Your instructions: Filter the entries for lines with the word "exact".

(Collected data)
---+---

Lemma sum4_antisym (R : numFieldType) (A : lalgType R) (n : nat)
    (om : 'I_n -> 'I_n -> A) (F : 'I_n -> 'I_n -> 'I_n -> 'I_n -> A) :
  (forall a b, om a b = - om b a) ->
  (forall a b, \sum_(m < n) \sum_(v < n) F a b m v
             = \sum_(m < n) \sum_(v < n) F b a m v) ->
  \sum_(m < n) \sum_(v < n) \sum_(a < n) \sum_(b < n) om a b * F a b m v = 0.
Proof.
move=> om_anti F_sym; rewrite -[RHS](sum_antisym om_anti F_sym).
under eq_bigr do rewrite exchange_big /=.
rewrite exchange_big; apply: eq_bigr => a _.
under eq_bigr do rewrite exchange_big /=.
rewrite exchange_big; apply: eq_bigr => b _.
by rewrite mulr_sumr; apply: eq_bigr => m _; rewrite mulr_sumr.
Qed.

Lemma sum_mul_mxtrace (A : comNzRingType) (n : nat) (f h : 'I_n -> 'I_n -> A) :
  \sum_(m < n) \sum_(v < n) f m v * h m v
  = \tr ((\matrix_(i, j) f i j) *m (\matrix_(i, j) h i j)^T).
Proof. by apply: eq_bigr => i _; rewrite mxE; apply: eq_bigr => j _; rewrite !mxE. Qed.

Lemma mulmx_delta (A : comNzRingType) (n : nat) (f h : 'I_n -> 'I_n -> A) :
  (forall m c, \sum_(v < n) f m v * h v c = (m == c)%:R) ->
  (\matrix_(i, j) f i j) *m (\matrix_(i, j) h i j) = 1%:M.
Proof.
by move=> fh; apply/matrixP => i j; rewrite !mxE -fh; apply: eq_bigr => k _; rewrite !mxE.
Qed.

Section Derivations.
Variables (R : numFieldType) (A : comAlgType R) (n : nat) (d : 'I_n -> A -> A).
Hypothesis dD : derivations d.

Lemma derivation0 i : d i 0 = 0.
Proof. by have [dadd _ _ _] := dD; apply: (addrI (d i 0)); rewrite -dadd !addr0. Qed.

Lemma derivation1 i : d i 1 = 0.
Proof.
have [_ dmul _ _] := dD; have := dmul i 1 1; rewrite !mulr1 mul1r => d11.
by apply: (addrI (d i 1)); rewrite -d11 addr0.
Qed.

Lemma derivation_delta i (m v : 'I_n) : d i (m == v)%:R = 0.
Proof. by case: (m == v); [exact: derivation1 | exact: derivation0]. Qed.

Lemma derivation_sum i (F : 'I_n -> A) :
  d i (\sum_(k < n) F k) = \sum_(k < n) d i (F k).
Proof. by have [dadd _ _ _] := dD; exact: (big_morph _ (dadd i) (derivation0 i)). Qed.

Lemma pbr0l om x : pbr d om 0 x = 0.
Proof.
by rewrite /pbr big1 // => a _; rewrite big1 // => b _; rewrite derivation0 mulr0 mul0r.
Qed.

Lemma pbr1r om x : pbr d om x 1 = 0.
Proof. by rewrite /pbr big1 // => a _; rewrite big1 // => b _; rewrite derivation1 mulr0. Qed.

End Derivations.

Section MetricInverse.
Variables (R : numFieldType) (A : comAlgType R) (n : nat).
Variables (d : 'I_n -> A -> A) (g ginv : 'I_n -> 'I_n -> A).
Hypotheses (dD : derivations d) (g_sym : forall m v, g m v = g v m).
Hypotheses (g_ginv : forall m c, \sum_(v < n) g m v * ginv v c = (m == c)%:R)
           (ginv_g : forall m c, \sum_(v < n) ginv m v * g v c = (m == c)%:R).

Local Notation G := (\matrix_(i, j) g i j).
Local Notation Gi := (\matrix_(i, j) ginv i j).
Local Notation dG a := (\matrix_(i, j) d a (g i j)).
Local Notation dGi a := (\matrix_(i, j) d a (ginv i j)).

---+---

Problem solution:
Proof. by case: (m == v); [exact: derivation1 | exact: derivation0]. Qed.
Proof. by have [dadd _ _ _] := dD; exact: (big_morph _ (dadd i) (derivation0 i)). Qed.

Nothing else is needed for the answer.